HowTo Video Tutorial Script (567 words)

We’re getting to the final part of these build 101 series. During this section, we will be focusing on the user-facing side of search. We’ll start by analyzing in details the composition of an API response.

Then, we will cover the two main ux patterns for implementing search and how our front-end libraries can help you speed up the implementation process. Finally, we will go over step by step video screencast that will walk you through how to create an InstantSearch experience.

Before diving into that exciting agenda, there’s one topic we have to cover first.  Where does the API call should originate from? Is it from the front-end or from the back-end? There are two ways of implementing the user-facing product search using Algolia.

Here’s a simplified query’s journey for front-end implementation. At each user keystroke, this is what’s happening under the hood. Everything starts with a user action, either a keystroke in the search bar or a click on the filter.

Then the client sends a query to Algolia’s server, Algolia processes the query and fetches the relevant records, Algolia sends back the API response to the front-end and finally the front-end renders the results.

This is the back-end alternative of the same search query. First, is the same user action, a keystroke in the search bar or click on the filter. Then, the query is sent to the back-end app, the back-end uses the Algolia’s API client to send the query to Algolia’s servers.

Algolia processes the query and fetches relevant records, Algolia sends back the API response to the back-end server and then the back-end server forwards it to the front-end, which finally renders the results.

At Algolia we believe the front-end implementation is the best option for two main reasons: speed and availability. For speed, a front-end implementation would hit our service directly without going through your back-end.

Can be up to 10x faster for the end users to retrieve the results. Another reason is our distributed search network, we have a distributed API allowing you to select multiple data centers around the world. This allows your users to target the closest server, which has a huge impact on latency. This can only work for a front-end implementation.

The final reason is availability. With the back-end implementation, your server becomes the bottleneck of your search. Algolia’s infrastructure was designed for availability and reliability. Each customer’s apps are hosted on three different servers so, even if two of those servers are down, search queries will still be properly handled.

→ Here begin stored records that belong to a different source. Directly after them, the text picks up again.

Section feynman_kac_semigroup.
Local Unset Implicit Arguments.
Context (R : realType) (d : nat -> measure_display)
  (S : forall n, measurableType (d n))
  (G : forall n, S n -> R) (M : forall n, R.-pker (S n) ~> (S n.+1)).
Hypothesis G_meas : forall n, measurable_fun setT (G n).
Hypothesis G_range : forall n x, 0 < G n x < 1.
Hypothesis G_ratio : forall n, exists c : R, forall x y, G n x / G n y <= c.

Let M1 m x : M m x setT = 1%E := prob_kernel x.

Lemma Q1_bounded_measurable m (f : S m.+1 -> R) :
  bounded_measurable f -> bounded_measurable (Q1 G M m f).
Proof.
move=> bf; have [mf [B fB]] := bf; split.
  by apply: measurable_funM => //; exact: measurable_mapp_kernel.
exists B => x; rewrite /Q1 normrM.
have /andP[G0 G1] := G_range m x.
have mB : `|mapp (M m x) f| <= B.
  by rewrite ler_norml mapp_bounds // => y; rewrite -ler_norml.
by rewrite -[B]mul1r; apply: ler_pM => //; rewrite ger0_norm ltW.
Qed.

Lemma Q1_lin m (a c : R) (f h : S m.+1 -> R) :
  bounded_measurable f -> bounded_measurable h ->
  Q1 G M m (fun y => a * f y + c * h y) =
  (fun x => a * Q1 G M m f x + c * Q1 G M m h x).
Proof.
move=> bf bh; apply/funext => x; rewrite /Q1.
change (G m x * mapp (M m x) (fun y => a * f y + c * h y) =
  a * (G m x * mapp (M m x) f) + c * (G m x * mapp (M m x) h)).
rewrite mappD ?mappZ //; [ring | exact: bounded_measurableZ..].
Qed.

Lemma ler_Q1 m (f h : S m.+1 -> R) :
  bounded_measurable f -> bounded_measurable h -> (forall y, f y <= h y) ->
  forall x, Q1 G M m f x <= Q1 G M m h x.
Proof.
move=> bf bh fh x; apply: ler_wpM2l; last exact: ler_mapp.
by have /andP[/ltW] := G_range m x.
Qed.

Lemma G_lower_bound m : exists e, 0 < e /\ forall x, e <= G m x.
Proof.
have [[y0 _]|S0] := pselect (exists y : S m, True); last first.
  by exists 1; split => // y; case: S0; exists y.
have [C GC] := G_ratio m.
have G0 x : 0 < G m x by have /andP[] := G_range m x.
have C0 : 0 < C by apply: lt_le_trans (GC y0 y0); exact: divr_gt0.
exists (G m y0 / C); split; first exact: divr_gt0.
by move=> x; rewrite ler_pdivrMr // mulrC -ler_pdivrMr.
Qed.

Section Qpn.
Variable p : nat.

Lemma Qpn_bounded_measurable k (f : S (k + p)%N -> R) :
  bounded_measurable f -> bounded_measurable (Qpn G M p k f).
Proof. by elim: k f => [|k IH] f bf //=; apply/IH/Q1_bounded_measurable. Qed.

Lemma Qpn_lin k (a c : R) (f h : S (k + p)%N -> R) :
  bounded_measurable f -> bounded_measurable h ->
  Qpn G M p k (fun y => a * f y + c * h y) =
  (fun x => a * Qpn G M p k f x + c * Qpn G M p k h x).
Proof.
elim: k f h => [|k IH] f h bf bh //=.
by rewrite Q1_lin // IH //; exact: Q1_bounded_measurable.
Qed.

Lemma ler_Qpn k (f h : S (k + p)%N -> R) :
  bounded_measurable f -> bounded_measurable h -> (forall y, f y <= h y) ->
  forall x, Qpn G M p k f x <= Qpn G M p k h x.
Proof.
elim: k f h => [|k IH] f h bf bh fh //=.
by apply: IH; [exact: Q1_bounded_measurable.. | exact: ler_Q1].
Qed.

Lemma Qpn_cst k (c : R) x :
  Qpn G M p k (fun _ => c) x = c * Qpn G M p k (fun _ => 1) x.
Proof.
have -> : (fun _ : S (k + p)%N => c) = (fun _ => c * 1 + 0 * 1).
  by apply/funext => y; ring.
by rewrite Qpn_lin ?mul0r ?addr0 //; exact: bounded_measurable_cst.
Qed.

Lemma Qpn_lower_bound k (f : S (k + p)%N -> R) (c : R) :
  bounded_measurable f -> 0 < c -> (forall y, c <= f y) ->
  exists e, 0 < e /\ forall x, e <= Qpn G M p k f x.
Proof.
elim: k f c => [|k IH] f c bf c0 cf /=; first by exists c.
have [e [e0 eG]] := G_lower_bound (k + p)%N.
apply: (IH _ (e * c)); [exact: Q1_bounded_measurable | exact: mulr_gt0 |].
move=> x; apply: ler_pM; [exact: ltW | exact: ltW | exact: eG |].
rewrite -[c](mapp_cst (M1 _ x)).
by apply: (ler_mapp (M1 _ x)) => //; exact: bounded_measurable_cst.
Qed.

Section fixed_horizon.
Variable k : nat.
Local Notation g := (Qpn G M p k (fun _ => 1)).
Local Notation q := (qpn G M p k).
Local Notation b := (betaP G M p k).

Lemma Qpn1_lower_bound : exists e, 0 < e /\ forall x, e <= g x.
Proof.
by apply: Qpn_lower_bound ltr01 _ => //; exact: bounded_measurable_cst.
Qed.

Lemma Qpn1_gt0 x : 0 < g x.
Proof. by have [e [e0 eg]] := Qpn1_lower_bound; exact: lt_le_trans (eg x). Qed.

Lemma Ppn_mulQpn1 (f : S (k + p)%N -> R) x :
  Ppn G M p k f x * g x = Qpn G M p k f x.
Proof. by rewrite /Ppn divfK // gt_eqF // Qpn1_gt0. Qed.

Lemma Ppn_interval (f : S (k + p)%N -> R) (a : R) : bounded_measurable f ->
  (forall y, a <= f y <= a + 1) -> forall x, a <= Ppn G M p k f x <= a + 1.
Proof.
move=> bf fa x; rewrite /Ppn ler_pdivlMr ?ler_pdivrMr ?Qpn1_gt0 // -!Qpn_cst.
by apply/andP; split; apply: ler_Qpn => //; try exact: bounded_measurable_cst;
  move=> y; have /andP[] := fa y.
Qed.

Lemma Ppn_oscillation_le1 (f : S (k + p)%N -> R) : Osc1 f ->
  forall x y, `|Ppn G M p k f x - Ppn G M p k f y| <= 1.
Proof.
move=> hf; have [a fa] := oscillation_le1_interval (proj2 hf).
exact/interval_oscillation_le1/Ppn_interval/fa/Osc1_bounded_measurable.
Qed.

Lemma Qpn1_ratio_le_qpn x y : g x / g y <= q.
Proof.
have [e [e0 eg]] := Qpn1_lower_bound.
have [_ [B gB]] := Qpn_bounded_measurable k _ (bounded_measurable_cst _ 1).
apply: ub_le_sup; last by exists x, y.
exists (B / e) => _ [x' [y' ->]].
rewrite ler_pdivrMr ?Qpn1_gt0 //; apply: le_trans (ler_norm _) _.
apply: le_trans (gB x') _; have B0 : 0 <= B := le_trans (normr_ge0 _) (gB x').
rewrite -[X in X <= _](divfK (lt0r_neq0 e0)); apply: ler_wpM2l (eg y').
exact: divr_ge0 B0 (ltW e0).
Qed.

Lemma Qpn1_le_qpn x y : g x <= q * g y.
Proof. by rewrite -ler_pdivrMr ?Qpn1_gt0 //; exact: Qpn1_ratio_le_qpn. Qed.

Lemma Ppn_oscillation_le_betaP (f : S (k + p)%N -> R) : Osc1 f ->
  forall x y, `|Ppn G M p k f x - Ppn G M p k f y| <= b.
Proof.
move=> hf x y; apply: le_trans (le_osc (Ppn_oscillation_le1 f hf) x y) _.
apply: ub_le_sup; last by exists f.
exists 1 => _ [f' [hf' ->]]; exact: osc_le x (Ppn_oscillation_le1 _ hf').
Qed.

Section probability_measures.
Variable mu : probability (S p) R.
Let mu1 : mu setT = 1%E := probability_setT mu.

Lemma mapp_Qpn1_gt0 : 0 < mapp mu g.
Proof.
have [e [e0 eg]] := Qpn1_lower_bound.
have bg := Qpn_bounded_measurable k _ (bounded_measurable_cst _ 1).
apply: lt_le_trans e0 _; rewrite -[e](mapp_cst mu1).
by apply: ler_mapp => //; exact: bounded_measurable_cst.
Qed.

Lemma Qpn1_le_qpn_mapp x : g x <= q * mapp mu g.
Proof.
have bg := Qpn_bounded_measurable k _ (bounded_measurable_cst _ 1).
rewrite -mappZ // -[g x](mapp_cst mu1).
by apply: ler_mapp => //;
  [exact: bounded_measurable_cst | exact: bounded_measurableZ | exact: Qpn1_le_qpn].
Qed.

Lemma mapp_Qpn1_le_qpn (nu : probability (S p) R) : mapp nu g <= q * mapp mu g.
Proof.
have bg := Qpn_bounded_measurable k _ (bounded_measurable_cst _ 1).
rewrite -[q * _](mapp_cst (probability_setT nu)).
by apply: ler_mapp => //;
  [exact: probability_setT | exact: bounded_measurable_cst | exact: Qpn1_le_qpn_mapp].
Qed.

(* Phi mu f is a g-weighted mu-average of Ppn f. *)
Lemma Ppn_sub_Phi_le_betaP (f : S (k + p)%N -> R) : Osc1 f ->
  forall x, `|Ppn G M p k f x - Phi G M p k mu f| <= b.
Proof.
move=> hf x.
have bg := Qpn_bounded_measurable k _ (bounded_measurable_cst _ 1).
have bh := Qpn_bounded_measurable k _ (Osc1_bounded_measurable hf).
have hb y : (Ppn G M p k f x - b) * g y <= Qpn G M p k f y <=
            (Ppn G M p k f x + b) * g y.
  have := Ppn_oscillation_le_betaP f hf x y.
  rewrite -(Ppn_mulQpn1 f y) ler_norml => /andP[? ?].
  by apply/andP; split; (apply: ler_wpM2r; [exact: ltW (Qpn1_gt0 y) | lra]).
have /andP[lo hi] : (Ppn G M p k f x - b) * mapp mu g <=
    mapp mu (Qpn G M p k f) <= (Ppn G M p k f x + b) * mapp mu g.
  by rewrite -!mappZ //; apply/andP; split; apply: ler_mapp => //;
    try exact: bounded_measurableZ; move=> y; have /andP[] := hb y.
rewrite -ler_pdivlMr ?mapp_Qpn1_gt0 // in lo.
rewrite -ler_pdivrMr ?mapp_Qpn1_gt0 // in hi.
by rewrite /Phi ler_norml; apply/andP; split; lra.
Qed.

End probability_measures.

Section first_order_expansion.
Variables (eta : probability (S p) R) (f : S (k + p)%N -> R).
Hypothesis hf : Osc1 f.
Local Notation h := (Qpn G M p k f).
Local Notation c := (Phi G M p k eta f).

Definition Phi_influence : S p -> R :=
  fun x => (mapp eta g)^-1 * (h x - c * g x).

(* If beta = 0 then phi = 0, so the convention 0^-1 = 0 is harmless here. *)
Definition Upn : S p -> R := fun x => (2 * q * b)^-1 * Phi_influence x.

Definition Vpn : S p -> R := fun x => (q * mapp eta g)^-1 * g x.

Let bg := Qpn_bounded_measurable k _ (bounded_measurable_cst _ 1).
Let bh := Qpn_bounded_measurable k _ (Osc1_bounded_measurable hf).
Let eg0 : 0 < mapp eta g := mapp_Qpn1_gt0 eta.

Same goes for the network, with the back-end implementation you follow some network routes, even if there’s only a local program in the network, all of your users would be affected.

Having a front-end implementation, in case of a network issue, the outcome for your users will be greatly mitigated, thanks to our redundant DNS and our retry strategies built into our front-end libraries.

We now have a good outline of the UI implementation part and also have a good idea of the front-end vs back-end implementation. In the next video, we will be analyzing the Algolia search API response.

This is the basic common element whether you’re using one of our libraries or not. This is what you’ll get from the Algolia API, so it’s crucial to understand its composition.